Sâmila revela que, quando pensa na luta de Chico, percebe o quão foi intensa e pesada, mas também o quanto trouxe benefícios para muitas populações. Ela se emociona.

Chico, para além do líder

“Eu trabalhei com ele durante três anos, de 1986 até o dia do seu assassinato. [...] Apesar de eu já ter uma graduação em Agronomia quando fui trabalhar com Chico em Xapuri, aprendi muito com ele. Meu trabalho era discutir a ideia de cooperativas, e durante aqueles três anos, andei pelo seringal ao lado dele. O Chico me ensinou a ouvir mais, embora ele tivesse muito mais capacidade para isso. Ele sabia dialogar com diferentes correntes, sejam políticas ou sindicais, sempre buscando ampliar o leque de apoio para a luta que ele liderava”, conta Gomercindo Rodrigues.

Em relatos de companheiras e companheiros, para além do líder que realizava palestras fora do Acre e do Brasil era, acima de tudo, presente na base, nas comunidades e mais. 

“Ele falava com todos os segmentos, mas nunca deixou de ser o Chico Mendes. Ele participava do trabalho de base, como no Encontro Regional de Seringueiros do Vale do Purus, antes de ser assassinado. Ele conseguia dialogar com todos, de ambientalistas a políticos dos EUA, como o senador republicano Robert Kasten, presidente da Comissão de Orçamento, que pressionava o Banco Mundial e outros organismos internacionais a adotarem critérios ambientais nos financiamentos. Mas, ao mesmo tempo, era o Chico Mendes que adorava jogar dominó com o pessoal da colônia. Ele sempre foi uma pessoa simples, mesmo com toda a repercussão que teve. Nunca deixou de ser Chico Mendes, nunca deixou de ser ele mesmo, comprometido com a luta”, detalha ainda mais o colega do líder seringueiro.
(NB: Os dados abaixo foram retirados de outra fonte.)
Lemma nbhs_NoneP (U : set Y) :
  nbhs (None : Y) U <-> exists2 K, I K & ~` (Some @` K) `<=` U.
Proof.
split=> [ [G [ [_ NG] GN GU]] | [K IK KU]].
  have [K IK KG] := NG GN; exists K => // -[x nKx | _]; last exact: GU.
  by apply/GU/KG => Kx; apply: nKx; exists x.
by exists (~` (Some @` K)); split => //; [exact: open_setC_Some_image | case].
Qed.

Lemma nbhs_Some_image (x : X) (U : set X) : nbhs x U -> nbhs (Some x : Y) (Some @` U).
Proof.
rewrite nbhsE => -[V [oV Vx] VU]; exists (Some @` V); split; first exact: open_Some_image.
  by exists x.
exact: image_subset.
Qed.

Lemma continuous_Some : continuous (Some : X -> Y).
Proof. by apply/continuousP => G []. Qed.

Lemma embedding_Some : embedding (Some : X -> Y).
Proof.
split; [by move=> ? ? [] | exact: continuous_Some |].
move=> U oU; exists (Some @` U); first exact: open_Some_image.
by rewrite setIidr // => _ [u _ <-]; exists u.
Qed.

Lemma setC_range_Some : ~` range (Some : X -> Y) = [set None].
Proof.
apply/seteqP; split=> [[x /= nx | //] | _ -> [x _ //]].
by exfalso; apply: nx; exists x.
Qed.

Lemma one_point_extension_connected :
  (forall K x, I K -> exists2 y, connected_component [set: X] x y & ~ K y) ->
  connected [set: Y].
Proof.
move=> meetI.
have clopen_None (B : set Y) : clopen B -> B None -> B = setT.
  move=> clB BN; have [K IK KB] := (nbhs_NoneP B).1 (open_nbhs_nbhs (conj clB.1 BN)).
  apply/seteqP; split=> // -[z|] _ //; have [y Czy nKy] := meetI K z IK.
  have KBy : B (Some y) by apply: KB => -[y' Ky' [yy']]; apply: nKy; rewrite -yy'.
  have := clopen_connected_component_subset (preimage_clopen clB continuous_Some) Czy KBy.
  by apply; apply: connected_component_refl.
apply: (proj2 (connectedTP _)) => B clB [b Bb].
have [BN | nBN] := pselect (B None); first exact: clopen_None.
have CB := clopen_None (~` B) (clopenC B clB) nBN.
by have : (~` B) b by rewrite CB.
Qed.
Quem também foi amigo de Chico foi Genésio Natividade, advogado, convocado por Mary Allegretti, para auxiliar o organizador dos empates pelas comunidades extrativistas em Xapuri.  Genésio já tinha experiência na área de direito civil, especialmente em questões fundiárias e possessórias, que eram justamente os problemas que Chico enfrentava. Ele lidava com disputas de terra de seringueiros que viviam ali há décadas, mas que eram ameaçados por pessoas que chegavam com documentos, dizendo que eram os donos.
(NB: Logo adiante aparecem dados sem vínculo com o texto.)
(* For every positive integer $n$, $$\sum_{j=1}^{n-1}\csc^6\left(\frac{j\pi}{2n}\right) = \frac{8(n+1)(n-1)(8n^4+29n^2+71)}{945}.$$
   Context: Empty sums are equal to $0$. *)

From Stdlib Require Import Reals List.
Open Scope R_scope.

Definition csc (x : R) : R := / sin x.

(* sum_{j=m}^{m+k-1} f j ; empty sum is 0 *)
Definition sum_range (m k : nat) (f : nat -> R) : R :=
  fold_right Rplus 0 (map f (seq m k)).

From Stdlib Require Import Reals Lra Lia.
From mathcomp Require all_boot all_algebra Rstruct ring lra zify.
Open Scope R_scope.

(* Put t_j = j pi / (2n).  The addition formulas give polynomials C_n, S_n with
   C_n(sin^2 t) = cos (2nt), sin t cos t S_n(sin^2 t) = sin (2nt) and
   deg S_n <= n - 1.  For 0 < j < n, sin t_j and cos t_j are positive while
   sin (2n t_j) = 0, so the n - 1 distinct numbers sin^2 t_j are all the roots
   of S_n and S_n = c prod_j (X - sin^2 t_j).  The sum of csc^6 t_j is the third
   power sum of the reciprocal roots, which Newton's identities express through
   the four lowest coefficients of S_n; these are polynomials in n, computed by
   induction from the recurrence defining (C_n, S_n). *)

Definition theta (n j : nat) : R := INR j * PI / (2 * INR n).

Lemma theta_lt_mono n j k : (0 < n)%nat -> (j < k)%nat -> theta n j < theta n k.
Proof.
intros hn hjk; unfold theta, Rdiv.
assert (0 < INR n) by (apply lt_0_INR; lia).
assert (INR j < INR k) by (apply lt_INR; lia).
apply Rmult_lt_compat_r; [apply Rinv_0_lt_compat; lra|].
apply Rmult_lt_compat_r; [apply PI_RGT_0 | lra].
Qed.

Lemma theta_bounds n j : (0 < j)%nat -> (j < n)%nat -> 0 < theta n j < PI / 2.
Proof.
intros hj hjn.
assert (theta n 0 = 0) as h0 by (unfold theta; simpl; lra).
assert (theta n n = PI / 2) as hn by (unfold theta; field; apply not_0_INR; lia).
rewrite <- h0, <- hn; split; apply theta_lt_mono; lia.
Qed.

Lemma sin_theta_gt0 n j : (0 < j)%nat -> (j < n)%nat -> 0 < sin (theta n j).
Proof. intros hj hjn; destruct (theta_bounds n j hj hjn); apply sin_gt_0; lra. Qed.

Lemma cos_theta_gt0 n j : (0 < j)%nat -> (j < n)%nat -> 0 < cos (theta n j).
Proof. intros hj hjn; destruct (theta_bounds n j hj hjn); apply cos_gt_0; lra. Qed.

Lemma sin_2n_theta n j : (0 < n)%nat -> sin (2 * INR n * theta n j) = 0.
Proof.
intros hn; apply sin_eq_0_1; exists (Z.of_nat j).
rewrite <- INR_IZR_INZ; unfold theta; field; apply not_0_INR; lia.
Qed.

Lemma sin_theta_lt_mono n j k : (0 < j)%nat -> (j < k)%nat -> (k < n)%nat ->
  sin (theta n j) < sin (theta n k).
Proof.
intros hj hjk hkn.
destruct (theta_bounds n j hj ltac:(lia)), (theta_bounds n k ltac:(lia) hkn).
apply sin_increasing_1; try lra; apply theta_lt_mono; lia.
Qed.

Lemma sin_theta_sqr_inj n j k : (0 < j)%nat -> (j < n)%nat -> (0 < k)%nat -> (k < n)%nat ->
  sin (theta n j) ^ 2 = sin (theta n k) ^ 2 -> j = k.
Proof.
intros hj hjn hk hkn e.
pose proof (sin_theta_gt0 n j hj hjn); pose proof (sin_theta_gt0 n k hk hkn).
destruct (Nat.lt_trichotomy j k) as [h | [h | h]]; [| exact h |].
- pose proof (sin_theta_lt_mono n j k hj h hkn); nra.
- pose proof (sin_theta_lt_mono n k j hk h hjn); nra.
Qed.

Module SinePolynomials.
Import all_boot all_algebra Rstruct ring lra zify.
Import GRing.Theory Num.Theory.
Set Implicit Arguments.
Unset Strict Implicit.
Local Open Scope ring_scope.

Section ReciprocalPowerSums.
Variable F : numFieldType.
Implicit Types rs : seq F.

Definition inv_power_sum rs k := \sum_(w <- rs) w^-1 ^+ k.

Lemma coef_prod_XsubC_low rs : all (fun w => w != 0) rs ->
  let P := \prod_(w <- rs) - w in let s := inv_power_sum rs in
  [/\ (\prod_(w <- rs) ('X - w%:P))`_0 = P,
      (\prod_(w <- rs) ('X - w%:P))`_1 = - P * s 1%N,
      (\prod_(w <- rs) ('X - w%:P))`_2 = P * (s 1%N ^+ 2 - s 2%N) / 2 &
      (\prod_(w <- rs) ('X - w%:P))`_3
        = - P * (s 1%N ^+ 3 - 3 * s 1%N * s 2%N + 2 * s 3%N) / 6].
Proof.
rewrite /inv_power_sum; elim: rs => [|a rs IH] /=.
  by rewrite !big_nil !coef1 /=; split; ring.
case/andP=> a_neq0 /IH [c0 c1 c2 c3].
rewrite !big_cons mulrBl !(coefB, coefXM, coefCM) /= c0 c1 c2 c3.
by split; field.
Qed.

Lemma sum_inv_cubes_of_roots (c : F) rs : c != 0 -> all (fun w => w != 0) rs ->
  let p := c *: \prod_(w <- rs) ('X - w%:P) in let a k := p`_k / p`_0 in
  \sum_(w <- rs) w^-1 ^+ 3 = 3 * a 1%N * a 2%N - a 1%N ^+ 3 - 3 * a 3%N.
Proof.
move=> c_neq0 rs_neq0 /=; rewrite !coefZ.
have [-> -> -> ->] := coef_prod_XsubC_low rs_neq0.
have P_neq0 : \prod_(w <- rs) - w != 0.
  by rewrite prodf_seq_neq0; apply/allP => w /(allP rs_neq0); rewrite oppr_eq0.
rewrite /inv_power_sum; field.
by rewrite c_neq0 P_neq0.
Qed.

End ReciprocalPowerSums.

Lemma uniq_roots_scale_prod (R : idomainType) (p : {poly R}) (rs : seq R) :
  all (root p) rs -> uniq_roots rs -> (size p <= (size rs).+1)%N ->
  exists c, p = c *: \prod_(w <- rs) ('X - w%:P).
Proof.
move=> roots_p uniq_rs size_p.
have [q def_p] := uniq_roots_prod_XsubC roots_p uniq_rs.
have [q0 | q_neq0] := eqVneq q 0; first by exists 0; rewrite def_p q0 mul0r scale0r.
have P_neq0 : \prod_(w <- rs) ('X - w%:P) != 0 by rewrite monic_neq0 ?monic_prod_XsubC.
have size_q : (size q <= 1)%N.
  move: size_p; rewrite def_p size_mul // size_prod_XsubC addnS.
  by rewrite -[X in (_ <= X)%N]add1n leq_add2r.
by exists q`_0; rewrite def_p {1}(size1_polyC size_q) mul_polyC.
Qed.

(* From 2(n+1)t = 2nt + 2t, with x = sin^2 t, cos 2t = 1 - 2x and
   (sin t cos t)^2 = x - x^2. *)
Fixpoint trig_polys (n : nat) : {poly R} * {poly R} :=
  if n is m.+1 then
    let: (a, b) := trig_polys m in
    (a * (1 - 'X *+ 2) - b * ('X - 'X ^+ 2) *+ 2, a *+ 2 + b * (1 - 'X *+ 2))
  else (1, 0).

Definition cos_poly n := (trig_polys n).1.
Definition sin_poly n := (trig_polys n).2.

Lemma cos_polyS n : cos_poly n.+1
  = cos_poly n * (1 - 'X *+ 2) - sin_poly n * ('X - 'X ^+ 2) *+ 2.
Proof. by rewrite /cos_poly /sin_poly /=; case: (trig_polys n). Qed.

Lemma sin_polyS n : sin_poly n.+1 = cos_poly n *+ 2 + sin_poly n * (1 - 'X *+ 2).
Proof. by rewrite /cos_poly /sin_poly /=; case: (trig_polys n). Qed.

Lemma horner_trig_polys n t :
  (cos_poly n).[sin t ^+ 2] = cos (2 * INR n * t) /\
  sin t * cos t * (sin_poly n).[sin t ^+ 2] = sin (2 * INR n * t).
Proof.
elim: n => [|n [IHc IHs]].
  by rewrite /cos_poly /sin_poly /= !hornerE cos_0 sin_0.
rewrite S_INR Rmult_plus_distr_l Rmult_1_r Rmult_plus_distr_r.
have cos_sqr : cos t ^+ 2 = 1 - sin t ^+ 2.
  by move: (sin2_cos2 t); rewrite /Rsqr !RealsE => <-; ring.
rewrite cos_plus sin_plus -IHc -IHs sin_2a cos_2a_sin cos_polyS sin_polyS !RealsE /=.
rewrite !(hornerD, hornerN, hornerMn, hornerM, hornerXn, hornerX, hornerC).
split; last by ring.
have -> : forall s c b : R, s * c * b * (2 * s * c) = 2 * s ^+ 2 * b * c ^+ 2 by move=> *; ring.
rewrite cos_sqr; ring.
Qed.

Lemma coef_trig_polys n : let x : R := n%:R in
  [/\ (cos_poly n)`_0 = 1, (cos_poly n)`_1 = -2 * x ^+ 2,
      (cos_poly n)`_2 = 2 / 3 * (x ^+ 4 - x ^+ 2) &
      (cos_poly n)`_3 = -(4 / 45) * x ^+ 6 + 4 / 9 * x ^+ 4 - 16 / 45 * x ^+ 2] /\
  [/\ (sin_poly n)`_0 = 2 * x, (sin_poly n)`_1 = 4 / 3 * (x - x ^+ 3),
      (sin_poly n)`_2 = 4 / 15 * x ^+ 5 - 4 / 3 * x ^+ 3 + 16 / 15 * x &
      (sin_poly n)`_3 = -(8 / 315) * x ^+ 7 + 16 / 45 * x ^+ 5 - 56 / 45 * x ^+ 3 + 32 / 35 * x].
Proof.
elim: n => [|n [[a0 a1 a2 a3] [b0 b1 b2 b3]]] /=.
  by rewrite /cos_poly /sin_poly /= !coef1 !coef0 /=; split; split; ring.
rewrite cos_polyS sin_polyS !(mulrBr, mulr1, mulrnAr).
rewrite !(coefD, coefB, coefN, coefMn, coefMNn, coefMX, coefMXn) /=.
rewrite a0 a1 a2 a3 b0 b1 b2 b3.
by split; split; field.
Qed.

Lemma size_trig_polys n : (size (cos_poly n) <= n.+1)%N /\ (size (sin_poly n) <= n)%N.
Proof.
elim: n => [|n [/leq_sizeP ca /leq_sizeP sb]].
  by rewrite /cos_poly /sin_poly /= size_poly1 size_poly0.
rewrite cos_polyS sin_polyS !(mulrBr, mulr1, mulrnAr).
split; apply/leq_sizeP => i hi.
  rewrite !(coefD, coefB, coefN, coefMn, coefMNn, coefMX, coefMXn).
  case: i hi => [|[|i]] //= hi.
  by rewrite subn2 /= !ca ?sb; [ring | lia..].
rewrite !(coefD, coefB, coefN, coefMn, coefMNn, coefMX).
case: i hi => [|i] //= hi.
by rewrite ca ?sb; [ring | lia..].
Qed.

Lemma sin_poly_root n j : (0 < j)%N -> (j < n)%N -> root (sin_poly n) (sin (theta n j) ^+ 2).
Proof.
move=> /ltP j_gt0 /ltP j_lt_n; apply/rootP.
have [_] := horner_trig_polys n (theta n j).
rewrite sin_2n_theta; last by lia.
move/eqP; rewrite !mulf_eq0.
have /RltP/lt0r_neq0/negbTE -> := sin_theta_gt0 n j j_gt0 j_lt_n.
have /RltP/lt0r_neq0/negbTE -> := cos_theta_gt0 n j j_gt0 j_lt_n.
by move/eqP.
Qed.

Definition sin_theta_sqrs n := [seq sin (theta n j) ^+ 2 | j <- iota 1 n.-1].

Lemma sin_theta_sqrs_neq0 n : all (fun w => w != 0) (sin_theta_sqrs n).
Proof.
apply/allP => _ /mapP[j j_in ->]; move: j_in; rewrite mem_iota => /andP[j_gt0 j_lt_n].
by apply/expf_neq0/lt0r_neq0/RltP/sin_theta_gt0; apply/ltP; lia.
Qed.

Lemma sin_poly_factor n : (0 < n)%N ->
  exists2 c, c != 0 & sin_poly n = c *: \prod_(w <- sin_theta_sqrs n) ('X - w%:P).
Proof.
move=> n_gt0.
have mem_iota1 j : j \in iota 1 n.-1 -> (0 < j)%N /\ (j < n)%N.
  by rewrite mem_iota => /andP[? ?]; split; lia.
have roots : all (root (sin_poly n)) (sin_theta_sqrs n).
  by apply/allP => _ /mapP[j /mem_iota1[? ?] ->]; apply: sin_poly_root.
have uniq_rs : uniq_roots (sin_theta_sqrs n).
  rewrite uniq_rootsE map_inj_in_uniq ?iota_uniq // => j k.
  move=> /mem_iota1[/ltP ? /ltP ?] /mem_iota1[/ltP ? /ltP ?].
  by rewrite -!RpowE; apply: sin_theta_sqr_inj.
have [c def_S] : exists c, sin_poly n = c *: \prod_(w <- sin_theta_sqrs n) ('X - w%:P).
  apply: uniq_roots_scale_prod roots uniq_rs _.
  by rewrite size_map size_iota prednK //; case: (size_trig_polys n).
exists c => //.
have n_neq0 : n%:R != 0 :> R by rewrite pnatr_eq0 -lt0n.
apply: contra_neq n_neq0 => c0.
have [_ [S0 _ _ _]] := coef_trig_polys n.
have : 2 * n%:R = 0 :> R by rewrite -S0 def_S c0 scale0r coef0.
lra.
Qed.

Lemma sum_inv_sin_theta_cubes n : (0 < n)%N ->
  \sum_(j <- iota 1 n.-1) (sin (theta n j) ^+ 2)^-1 ^+ 3
  = 8 * (n%:R + 1) * (n%:R - 1) * (8 * n%:R ^+ 4 + 29 * n%:R ^+ 2 + 71) / 945.
Proof.
move=> n_gt0; have [c c_neq0 def_S] := sin_poly_factor n_gt0.
rewrite -(big_map (fun j => sin (theta n j) ^+ 2) predT (fun w => w^-1 ^+ 3)).
rewrite (sum_inv_cubes_of_roots c_neq0 (sin_theta_sqrs_neq0 n)) /= -def_S.
have [_ [-> -> -> ->]] := coef_trig_polys n.
have n_neq0 : n%:R != 0 :> R by rewrite pnatr_eq0 -lt0n.
by field.
Qed.

Local Open Scope R_scope.

Lemma sum_range_iota m k (f : nat -> R) : sum_range m k f = \sum_(j <- iota m k) f j.
Proof. by elim: k m => [|k IHk] m; rewrite ?big_nil // big_cons -IHk. Qed.

Lemma sum_range_csc_pow6 n : (1 <= n)%coq_nat ->
  sum_range 1 (n - 1) (fun j => csc (theta n j) ^ 6)
  = 8 * (INR n + 1) * (INR n - 1) * (8 * INR n ^ 4 + 29 * INR n ^ 2 + 71) / 945.
Proof.
move=> /leP n_gt0; rewrite sum_range_iota subn1.
under eq_bigr do rewrite /csc RpowE RinvE -[6%N]/(2 * 3)%N exprM exprVn.
by rewrite sum_inv_sin_theta_cubes // !RealsE.
Qed.

End SinePolynomials.

Theorem mainTheorem18 (n : nat) (hn : (1 <= n)%nat) :
  sum_range 1 (n - 1) (fun j => (csc (INR j * PI / (2 * INR n))) ^ 6)
  = 8 * (INR n + 1) * (INR n - 1) * (8 * INR n ^ 4 + 29 * INR n ^ 2 + 71) / 945.
Proof. exact (SinePolynomials.sum_range_csc_pow6 hn). Qed.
“Eu já tinha conversado antes com um amigo meu, que havia estado no Acre e me falou: ‘Genésio, tem um serviço lá que talvez você se interesse, se quiser trabalhar na Amazônia’. Eu sempre tive interesse em conhecer e atuar na Amazônia, então, quando apareceu essa oportunidade, aceitei. A Mary me chamou para ser advogado, dizendo que era para defender a floresta amazônica e os direitos dos seringueiros [...] Foi nesse contexto que conheci o Chico e comecei esse trabalho. Convivi intensamente com ele. Viajei com o Chico para reuniões em Xapuri, Brasileia, Sena Madureira e até em Rondônia”, relembra.
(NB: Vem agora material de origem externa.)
Theorem lemma4p3 (alpha lam : R) (Halpha : 0 < alpha <= 1 / 2)
  (Hlam : is_lambda_star alpha lam) :
  exists (w1 dw1 ddw1 w2 dw2 ddw2 : R -> C),
    (forall t, 0 <= t <= 2 * PI -> is_derive w1 t (dw1 t)) /\
    (forall t, 0 < t < 2 * PI -> is_derive dw1 t (ddw1 t)) /\
    (forall r, 1 <= r -> is_derive w2 r (dw2 r)) /\
    (forall r, 1 < r -> is_derive dw2 r (ddw2 r)) /\
    ((exists t, 0 <= t <= 2 * PI /\ w1 t <> RtoC 0) \/
     (exists r, 1 <= r /\ w2 r <> RtoC 0)) /\
    (forall t, 0 < t < 2 * PI ->
       ((- Ci) * ((- Ci) * ddw1 t - RtoC alpha * dw1 t)
        - RtoC alpha * ((- Ci) * dw1 t - RtoC alpha * w1 t))%C
       = (RtoC lam * w1 t)%C) /\
    (forall r, 1 < r -> (- ddw2 r)%C = (RtoC (lam / r ^ 2) * w2 r)%C) /\
    w1 0 = w1 (2 * PI) /\ w1 (2 * PI) = w2 1 /\
    (dw1 0 - dw1 (2 * PI)%R + dw2 1)%C = RtoC 0 /\
    (alpha < 1 / 2 ->
       (forall t, 0 <= t <= 2 * PI -> w1 t <> RtoC 0) /\
       (forall r, 1 <= r -> w2 r <> RtoC 0)) /\
    (alpha = 1 / 2 ->
       (forall t, 0 <= t <= 2 * PI -> (w1 t = RtoC 0 <-> t = PI)) /\
       (forall r, 1 <= r -> w2 r <> RtoC 0)) /\
    (forall r, 1 <= r -> Im (w2 r) = 0) /\
    (forall t, 0 < t < 2 * PI ->
       Re (Cconj (w1 t) * ((- Ci) * dw1 t - RtoC alpha * w1 t))%C
       = - sqrt lam * sin (2 * PI * alpha) / sin (2 * PI * sqrt lam)) /\
    (alpha < 1 / 2 ->
       is_RInt (fun t => / (Cmod (w1 t)) ^ 2) 0 (2 * PI)
         (2 * PI * alpha / sqrt lam * (sin (2 * PI * sqrt lam) / sin (2 * PI * alpha)))).
Proof.
  assert (Hm := lambda_star_sqrt_bounds alpha lam (proj1 Halpha) Hlam).
  destruct (proj1 Hlam) as [Hlam_pos Hlam_lt].
  assert (HS : sin (2 * PI * sqrt lam) <> 0) by (apply Rgt_not_eq, sin_2PI_pos; lra).
  assert (Hm2 : sqrt lam ^ 2 = lam) by (apply pow2_sqrt; lra).
  assert (Hs := euler_exponent lam ltac:(nra)).
  assert (Hbalance := lambda_star_balance alpha lam Hlam HS).
  set (m := sqrt lam) in *. set (s := (1 - sqrt (1 - 4 * lam)) / 2) in *.
  exists (circle_mode alpha m), (circle_mode' alpha m), (circle_mode'' alpha m),
    (ray_mode s), (ray_mode' s), (ray_mode'' s).
  repeat apply conj.
  - intros t _. now apply is_derive_circle_mode.
  - intros t _. now apply is_derive_circle_mode'.
  - intros r Hr. apply is_derive_ray_mode. lra.
  - intros r Hr. apply is_derive_ray_mode'. lra.
  - right. exists 1. split; [lra | apply ray_mode_neq_0].
  - intros t _. rewrite <- Hm2. apply circle_mode_eigen.
  - intros r Hr. apply ray_mode_eigen; [exact Hs | lra].
  - now rewrite circle_mode_0, circle_mode_2PI.
  - now rewrite circle_mode_2PI, ray_mode_1.
  - rewrite circle_mode'_jump, ray_mode'_1, <- RtoC_plus by exact HS.
    now rewrite Hbalance.
  - intro Hlt. split; [intros t Ht; apply circle_mode_neq_0; lra | intros r _; apply ray_mode_neq_0].
  - intro Hhalf. split; [intros t Ht; apply circle_mode_eq_0_half; lra | intros r _; apply ray_mode_neq_0].
  - intros r _. reflexivity.
  - intros t _. now apply circle_current.
  - intro Hlt. apply is_RInt_inv_Cmod_circle_mode; lra.
Qed.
Vista área da Reserva Chico Mendes, com parte do Rio Xapuri, na floresta Amazônica, Acre, Brasil. Foto: Juvenal Pereira/ WWF-Brasil

O principal porta-voz da luta dos povos da floresta defendeu a criação das reservas extrativistas. Para Rodrigues, o grande legado de Chico Mendes foi sua capacidade de articular, de levar adiante uma ideia grandiosa como as reservas extrativistas. Angela segue ponderando sobre essa capacidade de articulação de seu pai:

“Ele entendia a educação com esse potencial transformador do seu tempo e do seu espaço, porque ele mesmo foi sujeito dessa transformação. Quando meu pai foi alfabetizado, lá dentro do seringal, não foi apenas o letramento alfabético que ele adquiriu, mas também o sindical e o político. Ele tinha esse olhar para o futuro, e não é à toa que deixou a Carta aos Jovens do Futuro. O cuidado que ele tinha, entendendo que seus companheiros e as populações da floresta também precisavam alcançar um estado de acesso a direitos, era notável. O direito à educação, ao território, à terra, ao pertencimento — tudo isso foi estruturado no arcabouço de ações e iniciativas que ele promoveu”, ela conta .

O apartamento de Genésio Natividade, em Xapuri, tinha telefone, e acabou virando um ponto de referência para o Chico. Jornalistas estrangeiros ligavam para o seu número para deixar recados para ele.

“Eu cheguei a comentar com o Chico: ‘Você é mais importante que o governador do Acre. Toda semana chegam três ou quatro jornalistas, dos Estados Unidos e da Europa’. Eram jornalistas de jornais importantes e de televisão, que iam até Xapuri e ao Projeto de Assentamento Extrativista (PAE) Cachoeira, onde o Chico vivia e onde havia conflitos de terra”, conta.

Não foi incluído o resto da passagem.